The key to giving the clients value in billings is to be active in your efforts to keep each client's bill as low as possible. Look for ways to achieve the best result in the fewest possible hours and let clients know about it. Show clients how they can avoid legal fees. Encourage win-win solutions. Try to avoid litigation where possible through negotiation, mediation or arbitration. If you come up with a way clients can save money, tell them what you did and how it saved them money. Clients appreciate this. It also differentiates you from the image they have of attorneys being greedy and self serving. These are the types of billing strategies that make clients loyal and cause them to send their friends.
Remember, clients are skeptical of hourly billings. They usually think the work could have been done in fewer hours. The best way to overcome this is to be sure the itemization is adequately detailed. Clients get less perturbed when they know exactly what they are paying for.
You can also ease the pain a bit if you sprinkle in a few N/C's on the invoice. Most attorneys will do some work they don't charge to the client. If you do this occasionally, make sure you note it on the invoice so clients know they got something for nothing. This creates good will and those non billed hours will multiply into repeat business and referrals.
If you believe in billing every second, consider investing a quarter hour in your own future occasionally. If you think churning hours and pushing litigation are helping your practice, you are investing in fools gold. The way to improve total billings in the long term is to keep individual fees down in the short term. Your reward will be a thriving practice with many loyal clients.
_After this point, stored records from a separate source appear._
Lemma psd_qop a y : psd (Q a y).
Proof. exact: (psd_kraus (M a) (psd_rho y)). Qed.

Lemma trace_qop a y : \tr (Q a y) = real_C (p a y).
Proof. exact: psd_trace_real (psd_qop a y). Qed.

Lemma sum_prob y : \sum_a p a y = 1.
Proof.
have [_ [_ tr1]] := Hrho y.
transitivity (complex.Re (\tr (rho y))); last by rewrite tr1.
rewrite -[in RHS](mul1mx (rho y)) -Hkraus mulmx_suml Re_trace_sum; apply: eq_bigr => a _.
rewrite /prob /qop mulmx_suml !Re_trace_sum; apply: eq_bigr => j _.
by rewrite mxtrace_mulC mulmxA.
Qed.

Lemma prob_no_sum y : prob_no M rho ok y = \sum_(a | a \notin ok) p a y.
Proof.
by rewrite /prob_no /prob_ok -(sum_prob y) (bigID (mem ok)) /= addrAC subrr add0r.
Qed.

Lemma prob_sigma_cond a y : real_C (p a y) *: sigma_cond M rho a y = Q a y.
Proof.
by rewrite /sigma_cond scalerA -real_CM mulfV ?scale1r // lt0r_neq0.
Qed.

Lemma adj_tens_ket_f a b : adjmx (V a) *m V b = (a == b)%:R *: 1%:M.
Proof. by rewrite adj_tens_ket_mul Hf mxE eqxx mulr1n. Qed.

Lemma adj_tens_ket_f_w a : a \in ok -> adjmx (V a) *m w = 0.
Proof. by move=> a_ok; rewrite mulmxA adj_tens_ket_mul Hf0ok // mxE scale0r mul0mx. Qed.

Lemma adj_w_w : adjmx w *m w = 1%:M.
Proof.
rewrite adjmxM -mulmxA (mulmxA (adjmx (tens_ket n f0))) adj_tens_ket_mul Hf0.
by rewrite mxE eqxx scale1r mul1mx Hphi.
Qed.

Lemma tens_ketbra_f a (A : 'M[C]_n) : A *t ketbra (f a) = V a *m A *m adjmx (V a).
Proof. by rewrite tens_ket_conj. Qed.

Lemma tens_ketbra_w : ketbra phi *t ketbra f0 = w *m adjmx w.
Proof. by rewrite -tens_ket_conj adjmxM !mulmxA. Qed.
Definition GammaAU (alpha : V -> H) (u : V -> R) (x : V) : H :=
  2^-1 *: vsum (fun y => (P x y * (u x - u y)) *: (alpha x - alpha y)).

Definition GammaA (alpha : V -> H) (x : V) : R :=
  2^-1 * vsum (fun y => P x y * `|alpha x - alpha y| ^+ 2).

Definition GammaA_u2 (alpha : V -> H) (u : V -> R) : R :=
  vsum (fun x => pi x * GammaA alpha x * u x ^+ 2).

Definition normsq (beta : V -> H) : R := vsum (fun x => pi x * `|beta x| ^+ 2).

Definition Lambda (alpha : V -> H) (u : V -> R) : R :=
  4^-1 * vsum (fun xy : V * V =>
     c xy.1 xy.2 * `|u xy.1 - u xy.2| ^+ 2 * `|alpha xy.1 - alpha xy.2| ^+ 2).

End Network.

(* ip is an inner product on H inducing its norm (so a complete H is a real
   Hilbert space) *)
Definition inner_product_for {R : realType} {H : normedModType R}
  (ip : H -> H -> R) : Prop :=
  [/\ forall x y, ip x y = ip y x,
      forall (a : R) x y z, ip (a *: x + y) z = a * ip x z + ip y z
    & forall x, ip x x = `|x| ^+ 2].

From Pilot Require Import Defs.
From mathcomp Require Import all_boot all_order all_algebra finmap.
From mathcomp Require Import all_classical all_reals all_analysis.
From mathcomp Require Import lra ring.
Import Order.TTheory GRing.Theory Num.Theory.
Import numFieldNormedType.Exports.
Local Open Scope classical_set_scope.
Local Open Scope ring_scope.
Another frequent complaint clients have about lawyers is their apparent lack of commitment to the client. My observation is that most lawyers are very committed to their clients, but are poor at conveying that fact.
When it comes to the clients' perception of commitment, actions speak louder than words. The greatest and most frequent sin perpetrated by lawyers is setting unrealistic deadlines. To please clients, lawyers will promise to get work done by the earliest date they believe they can have it done. Naturally, something always bursts into flames in the interim and the deadline goes unmet.
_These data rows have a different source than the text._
(* Let $G$ be a graph, let $X$ be a partition parameter defined by property $x$, and let $\mathcal Y=\{Y_i\}_{i=1}^m$ be a partition of $V(G)$ having property $x$ such that $|\mathcal Y|=X(G)$. Then the following are equivalent: (1) $\mathcal{R}^{\mathrm{TE}}_X(G)\cong K_{|Y_1|}\,\square\,\cdots\,\square\,K_{|Y_m|}$; (2) $\mathcal{R}^{\mathrm{TS}}_X(G)\cong G[Y_1]\,\square\,\cdots\,\square\,G[Y_m]$; (3) $\mathcal Y$ is the unique partition of $V(G)$ having property $x$ with $|\mathcal Y|=X(G)$.
   Context: All graphs are finite and simple; $\square$ is the Cartesian product and $G[Y]$ the induced subgraph. A graph parameter $X$ is a partition parameter defined by property $x$ if for every graph $G$, $X(G)$ equals either (for every graph) the maximum, or (for every graph) the minimum, of $|\mathcal Y|$ over partitions $\mathcal Y$ of $V(G)$ having property $x$ in $G$. A set $B\subseteq V(G)$ is a transversal of a partition $\mathcal Y$ if $|Y\cap B|=1$ for every $Y\in\mathcal Y$. For a partition parameter $X$, the reconfiguration graphs are those of the associated transversal vertex parameter: $\mathcal{R}^{\mathrm{TE}}_X(G)$ has as vertices all transversals $B$ of partitions of $V(G)$ having property $x$ with $|B|=X(G)$, and $B_1B_2$ is an edge iff there exist $v_1\in B_1\setminus B_2$, $v_2\in B_2\setminus B_1$ with $B_1\setminus\{v_1\}=B_2\setminus\{v_2\}$; $\mathcal{R}^{\mathrm{TS}}_X(G)$ has the same vertex set, with the additional adjacency requirement $v_1v_2\in E(G)$. *)

From HB Require Import structures.
From mathcomp Require Import all_boot.

Set Implicit Arguments.
Unset Strict Implicit.
Unset Printing Implicit Defensive.

Record fgraph := FGraph { gV : finType; gE : rel gV }.

Definition graph_iso (G H : fgraph) : Prop :=
  exists f : gV G -> gV H, bijective f /\ forall u v, @gE G u v = @gE H (f u) (f v).

Definition Kgraph (n : nat) : fgraph := @FGraph 'I_n (fun i j => i != j).

Definition unit_graph : fgraph := @FGraph unit (fun _ _ => false).

Definition cart_prod (G H : fgraph) : fgraph :=
  @FGraph (gV G * gV H)%type
    (fun u v => (@gE G u.1 v.1 && (u.2 == v.2)) || ((u.1 == v.1) && @gE H u.2 v.2)).

Definition cart_prod_seq (gs : seq fgraph) : fgraph := foldr cart_prod unit_graph gs.

Definition induced (T : finType) (e : rel T) (Y : {set T}) : fgraph :=
  @FGraph {x : T | x \in Y} (fun u v => e (val u) (val v)).

Definition is_vpartition (T : finType) (Y : {set {set T}}) : bool :=
  partition Y [set: T].

Definition transversal_of (T : finType) (Y : {set {set T}}) (B : {set T}) : bool :=
  [forall A in Y, #|A :&: B| == 1].

(* k = X(G), where X is the partition parameter defined by the property x
   (x Y means "the partition Y of V(G) has property x in G"),
   and X(G) is either the maximum (ismax = true) or the minimum (ismax = false)
   of |Y| over partitions Y of V(G) having property x. *)
Definition param_value (T : finType) (x : {set {set T}} -> bool) (ismax : bool)
    (k : nat) : Prop :=
  (exists Y, [/\ is_vpartition Y, x Y & #|Y| = k]) /\
  (forall Y, is_vpartition Y -> x Y -> if ismax then #|Y| <= k else k <= #|Y|).

Definition rvert (T : finType) (x : {set {set T}} -> bool) (k : nat) (B : {set T}) : bool :=
  [exists Y : {set {set T}}, [&& is_vpartition Y, x Y & transversal_of Y B]] && (#|B| == k).

Definition te_adj (T : finType) (B1 B2 : {set T}) : bool :=
  [exists v1 in B1 :\: B2, exists v2 in B2 :\: B1, B1 :\ v1 == B2 :\ v2].

Definition ts_adj (T : finType) (e : rel T) (B1 B2 : {set T}) : bool :=
  [exists v1 in B1 :\: B2, exists v2 in B2 :\: B1, (B1 :\ v1 == B2 :\ v2) && e v1 v2].

Definition RTE (T : finType) (x : {set {set T}} -> bool) (k : nat) : fgraph :=
  @FGraph {B : {set T} | rvert x k B} (fun B1 B2 => te_adj (val B1) (val B2)).

Definition RTS (T : finType) (e : rel T) (x : {set {set T}} -> bool) (k : nat) : fgraph :=
  @FGraph {B : {set T} | rvert x k B} (fun B1 B2 => ts_adj e (val B1) (val B2)).

From Pilot Require Import Defs.
From HB Require Import structures.
From mathcomp Require Import all_boot.

Set Implicit Arguments.
Unset Strict Implicit.
Unset Printing Implicit Defensive.

(* A transversal of the optimal partition Y_1, ..., Y_m is a choice of one
   token in each part, i.e. a vertex of G[Y_1] [] ... [] G[Y_m] (or of
   K_|Y_1| [] ... [] K_|Y_m|), and moving a single token changes exactly one
   coordinate.  So the product is always isomorphic to the subgraph of the
   reconfiguration graph on the transversals of Y, and, counting vertices, the
   whole reconfiguration graph is isomorphic to the product iff every vertex is
   a transversal of Y.  This holds iff Y is the only optimal partition: an
   optimal partition all of whose transversals are transversals of Y is refined
   by Y and has as many parts, hence equals Y. *)

Section VertexPartitions.
Variable T : finType.
Implicit Types (P Q : {set {set T}}) (B : {set T}).

Lemma vpartition_cover P x : is_vpartition P -> x \in cover P.
Proof. by move=> /cover_partition ->; rewrite inE. Qed.

Lemma pblock_vpartition P x : is_vpartition P -> pblock P x \in P.
Proof. by move=> /(vpartition_cover x) /pblock_mem. Qed.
Clients don't know how long legal work takes, but they do know what you tell them. If you give them a date, they will expect the work done on that date. As far as clients are concerned, anything less shows a lack of commitment on your part.
When you make commitments, make sure you give yourself plenty of extra time to account for the unforseen events that are lurking. If they never occur, you will get done ahead of schedule and your clients will be impressed. If gremlins get into your well oiled machine, you have a cushion.
If you are forced to miss a deadline, always call the client before the deadline to apologize and tell him/her that it can't be met. Set a new deadline and this time meet it without fail. Clients are much more understanding when you use this approach than if you are incommunicado and deliver late without an explanation.
This is probably the most fundamental service concept. Your product is knowledge and your ability to use it. When you have a great product, the word gets around. When you have a terrible product, the word gets around even faster.
The best way to increase your competence is by continual and never ending education. Read, read, read, read, read. Take continuing legal education lectures. Find a mentor in your practice area and consult with him/her. If you are a trial lawyer, go to court occasionally and watch other lawyers' trial techniques.
Associate yourself with successful people. Successful people are successful because they understand what works and they consistently execute well. Such associations will expose you to their knowledge and their winning attitudes.
You can never be too competent or know too much. Read, learn and master, and when you are sure you have completely mastered any subject, read and learn some more.
In a recent survey done for the
If you want your clients to believe you care, you have to take an active interest in them as people. You need to be empathetic and concerned about their feelings. You need to reassure them constantly and acknowledge that you can appreciate the anxiety they are experiencing.
If you are a corporate attorney and think this doesn't apply to you, think again. Everyone wants to be treated like they are special. People appreciate it when it is clear to them that you can relate to them as people and not just as meal tickets.
Being a good lawyer is more than just being technically capable. The key to success in your practice is your commitment to delivering excellent service to your clients. Shoot for a level of service that places you at the top of your profession and your earnings are sure to follow.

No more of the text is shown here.